As to the appellant’s contention that the chancellor erred in failing to award alimony, the award of alimony is within the sound discretion of the chancellor in divorce cases. In Wiles v. Wiles, 246 Ark. 289, 437 S.W. 2d 792 (1969), we said:

“The chancellor has broad powers and wide discretion in fixing or refusing support payment and we do not dis*345turb his action unless there is an abuse of discretion . . . In each case proper consideration must be given to the respective financial conditions of the parties and many other circumstances, including their mutual conduct. .

In Walker v. Walker, 248 Ark. 93, 450 S.W. 2d 1 (1970), the chancellor refused to award alimony and in that case we said:

“We must examine the particular facts and circumstances in the case to determine whether the chancellor abused his discretion.
... As in the case of a money award of alimony to the defaulting wife, such an allotment would be in the sound discretion of the chancellor. We repeat that we are unable to say the chancellor abused his discretion in refusing to award alimony in any form.”

We are unable to say the chancellor abused his discretion in failing to award alimony in the case at bar.

In argument under her third point the appellant states she has no objection to the chancellor’s holding that the jointly owned properties, excluding home furnishings, should be sold and the proceeds equally divided. It appears that the appellant’s primary objection was to the chancellor’s award of $40,000.00 representing the value of her interest in the piano and organ business. The appellant then recites the time, effort and money she had put into the business in past years and cites cases in which the wife was awarded half the value of business property in divorce settlements.

During the course of the trial both parties prepared financial statements listing their assets and income. The appellant complains that the chancellor accepted the appellee’s estimate of value of the business at $57,000.00; but, according to a financial statement as of March 15, 1972, offered by the appellant as her exhibit No. 2, the net worth of the business including a truck, boat, bus, and inventory, was only $81,017.62. Consequently, the chancellor’s award of *346$40,000.00 came to approximately 49% of the highest estimated value and there was undisputed testimony that the business had lost money since March, 1972. We conclude that the value of the business at $57,000.00 as found by the chancellor was not against the preponderance of the evidence.

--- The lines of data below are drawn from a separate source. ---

Lemma rank_free_product X : rank (free_product M N) X =
  minn (rank M (X :&: S) + #|X :&: T|) (rk M + rank N (X :&: T)).
Proof.
have rXS : rank M (X :&: S) <= rk M by apply/rankS/subsetIr.
apply/eqP; rewrite eqn_leq; apply/andP; split.
  apply/bigmax_leqP=> C /andP[sCX /and3P[sC iCS nCT]]; rewrite (card_split_ground sC).
  have := rank_indep iCS; have := indep_leq_rank (setSI S sCX) iCS.
  have := indep_leq_rank (indep_ground mM iCS) iCS.
  have := subset_leq_card (setSI T sCX); have := rankS N (setSI T sCX).
  by have := rank_leq_card N (C :&: T); move: nCT; rewrite /nullity /lambda /rk; lia.
have [BS sBS [iBS cBS]] := exists_basis (X :&: S) (indep_set0 mM).
have [CT sCT [/andP[sCTT nCT] cCT]] :=
  exists_basis (X :&: T) (indep_set0 (elongate_matroid mN (lambda M (X :&: S)))).
rewrite rank_elongate // -setIA setIid in cCT.
have sBSS : BS \subset S := indep_ground mM iBS.
have eS : (BS :|: CT) :&: S = BS.
  rewrite setIUl (setIidPl sBSS) disjoint_setI0 ?setU0 //.
  by apply: disjointWl sCTT _; rewrite disjoint_sym.
have eT : (BS :|: CT) :&: T = CT.
  by rewrite setIUl (setIidPl sCTT) disjoint_setI0 ?set0U //; apply: disjointWl sBSS dMN.
have sBCX : BS :|: CT \subset X.
  by rewrite subUset (subset_trans sBS (subsetIl _ _)) (subset_trans sCT (subsetIl _ _)).
apply: leq_trans (indep_leq_rank sBCX _).
  by rewrite cardsU_disjoint ?cBS ?cCT ?(disjointW sBSS sCTT dMN) // /lambda; lia.
rewrite /= eS eT iBS subUset (subset_trans sBSS (subsetUl _ _)) (subset_trans sCTT (subsetUr _ _)).
by rewrite /lambda (rank_indep iBS) cBS.
Qed.

Lemma minor_free_product U V : U \subset V -> V \subset S :|: T ->
  meq (minor (free_product M N) U V)
      (free_product (minor (truncate M (rk M - nullity N (U :&: T))) (U :&: S) (V :&: S))
                    (minor (elongate N (lambda M (V :&: S))) (U :&: T) (V :&: T))).
Proof.
move=> sUV sVST.
have eI I W : I \subset V :\: U -> I :&: ((V :&: W) :\: (U :&: W)) = I :&: W.
  move=> sI; apply/setP=> x; rewrite !inE; case xI: (x \in I) => //=.
  by have /setDP[-> /negbTE->] := subsetP sI x xI.
have gE : (V :&: S) :\: (U :&: S) :|: (V :&: T) :\: (U :&: T) = V :\: U.
  apply/setP=> x; move/(_ x): (subsetP sVST); rewrite !inE.
  by case: (x \in U) (x \in V) (x \in S) (x \in T) => [] [] [] [] // /(_ isT).
split=> [|I] /=; rewrite gE //; case sI: (I \subset V :\: U) => //=.
have sIW W : I :&: W \subset (V :&: W) :\: (U :&: W) by rewrite -(eI I W sI) subsetIr.
have dIU : [disjoint I :&: T & U :&: T].
  by move: sI; rewrite subsetD => /andP[_]; apply: disjointW; apply: subsetIl.
set K1 := truncate M _; set K2 := elongate N _.
have mK1 : is_matroid K1 by apply: truncate_matroid.
have mK2 : is_matroid K2 by apply: elongate_matroid.
rewrite !eI // sIW /= /nullity /lambda rk_minor ?setSI //.
rewrite !rank_minor ?sIW // !(rank_truncate mM) !(rank_elongate mN) !rank_free_product.
rewrite !setIUl -!setIA !setIid cardsU_disjoint //.
rewrite (card_split_ground (subset_trans sI (subset_trans (subsetDl V U) sVST))).
have sIUS : I :&: S :|: U :&: S \subset V :&: S.
  by rewrite subUset (setSI S sUV) (subset_trans (sIW S) (subsetDl _ _)).
apply: minor_free_product_arith; rewrite ?rankS ?rank_leq_card ?subsetUr ?subsetIr //=.
  by rewrite setUC rankU_leq.
by rewrite setUC rankU_leq.
Qed.

End FreeProduct.

Theorem theorem5p3 (E : finType) (M N : matroid E) (U V : {set E}) :
  is_matroid M -> is_matroid N -> [disjoint ground M & ground N] ->
  U \subset V -> V \subset ground M :|: ground N ->
  meq (minor (free_product M N) U V)
      (free_product
         (minor (iter (nullity N (U :&: ground N)) (@trunc E) M)
                (U :&: ground M) (V :&: ground M))
         (minor (iter (lambda M (V :&: ground M)) (@hlift E) N)
                (U :&: ground N) (V :&: ground N))).
Proof.
move=> mM mN dMN sUV sVST.
apply: meq_trans (minor_free_product mM mN dMN sUV sVST) _.
by apply: meq_free_product; apply: meq_minor; apply: meq_sym;
  [apply: iter_trunc | apply: iter_hlift].
Qed.
(* Let $p,q$ be positive integers with $p+q$ odd. For all $n\ge1$: (a) $y_n,[p]_n,[q]_n\in\mathcal{J}^{p,q}_n$; (b) $\psi_n(y_n)=1$, $\psi_n([p]_n)=p$, $\psi_n([q]_n)=q$ in $\mathbb{Z}_{2^{\lfloor n/2\rfloor}}$; (c) $\Delta_n(y_n)=(0,p-q)$, $\Delta_n([p]_n)=(1,p(p-q))$, $\Delta_n([q]_n)=(1,q(p-q))$ in $D_{2^{\lfloor n/2\rfloor+1}}$ (integers reduced modulo $2^{\lfloor n/2\rfloor}$).
   Context: Let $p,q$ be positive integers with $p+q$ odd. $\mathbb{Z}_{2^k}$ denotes the integers modulo $2^k$ ($\mathbb{Z}_1$ trivial); as $p+q$ is odd, division by $p+q$ and $(p+q)^2$ is well defined in $\mathbb{Z}_{2^k}$. For $m\ge1$, $D_{2m}$ is the dihedral group of order $2m$, realized as pairs $(f,x)$, $f\in\mathbb{Z}_2$, $x\in\mathbb{Z}_m$, with product $(f_1,x_1)(f_2,x_2)=(f_1+f_2,x_1+(-1)^{f_1}x_2)$. Define $\Phi:D_{2m}\to D_{2m}$, $\Phi((f,x))=(f,\delta(f=1)(p+q)(p-q)-x)$, where $\delta(f=1)$ is $1$ if $f=1$ and $0$ otherwise. $\mathrm{Aut}(T_1)$ is the trivial group $\{e\}$; for $k\ge1$, $\mathrm{Aut}(T_{k+1})$ is the set of triples $g=(g_f,g_L,g_R)$, $g_f\in\mathbb{Z}_2$, $g_L,g_R\in\mathrm{Aut}(T_k)$, with product $(f,A,B)(g,C,D)=(f+g,AC,BD)$ if $f=0$ and $(f+g,AD,BC)$ if $f=1$; subscripts chain ($g_{LR}=(g_L)_R$, $g_{Lf}=(g_L)_f$). Recursively: $\mathcal{J}_1=\mathrm{Aut}(T_2)$, $\psi_1=0$, $\Delta_1(g)=(g_f,0)$; $\mathcal{J}_2=\{g\in\mathrm{Aut}(T_3):g_L=g_R\}$, $\psi_2(g)=\delta(g_{Lf}=1)\in\mathbb{Z}_2$, $\Delta_2(g)=(g_f,\psi_2(g))$; for $n\ge3$, $\mathcal{J}_n=\{g\in\mathrm{Aut}(T_{n+1}):g_L,g_R\in\mathcal{J}_{n-1},\ \Delta_{n-1}(g_L)=\Phi(\Delta_{n-1}(g_R))\}$, with $\psi_n:\mathcal{J}_n\to\mathbb{Z}_{2^{\lfloor n/2\rfloor}}$ given by $\psi_n(g)=(\psi_{n-1}(g_L)+\psi_{n-1}(g_R))/(p+q)$ for odd $n$ and $\psi_n(g)=\big(2(\psi_{n-2}(g_{LL})+\psi_{n-2}(g_{RL}))-\delta(g_{Lf}=1)(p+q)(p-q)\big)/(p+q)^2$ for even $n$ (with $2\psi_{n-2}(\cdot)$ read in $\mathbb{Z}_{2^{n/2}}$), and $\Delta_n:\mathcal{J}_n\to D_{2^{\lfloor n/2\rfloor+1}}$ given by $\Delta_n(g)=(g_f,\psi_{n-1}(g_L)-\psi_{n-1}(g_R))$ for odd $n$ and $\Delta_n(g)=(g_f,(p+q)\psi_n(g)-2\psi_{n-1}(g_R))$ for even $n$. Elements $[p]_n,[q]_n\in\mathrm{Aut}(T_{n+1})$: $[p]_1=[q]_1=(1,e,e)$, and for $n\ge2$, $[p]_n=(1,[p]_{n-1}^{\,p},[q]_{n-1}^{\,p})$, $[q]_n=(1,[p]_{n-1}^{\,q},[q]_{n-1}^{\,q})$ (powers in $\mathrm{Aut}(T_n)$). Also $y_n=(0,[p]_{n-1},[q]_{n-1})$ for $n\ge2$, and $y_1=(0,e,e)$ is the identity of $\mathrm{Aut}(T_2)$. *)

From mathcomp Require Import all_boot all_order all_algebra.
Unset Printing Implicit Defensive.
Import Order.TTheory GRing.Theory Num.Theory.
Local Open Scope ring_scope.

The appellant also argues that the chancellor erred in not awarding her a separate interest in a cabin cruiser and a note held by the appellee on the sale of some property on South Taylor Street. There is evidence in the record that the appellee bought and paid the appellant for her interest in these items. From the entire record before us in this casé we are unable to say that the chancellor’s findings and decree were against the preponderance of the evidence, or that the chancellor erred as a matter of law.

The decree is affirmed.

Fogleman, Byrd and Holt, JJ., not participating.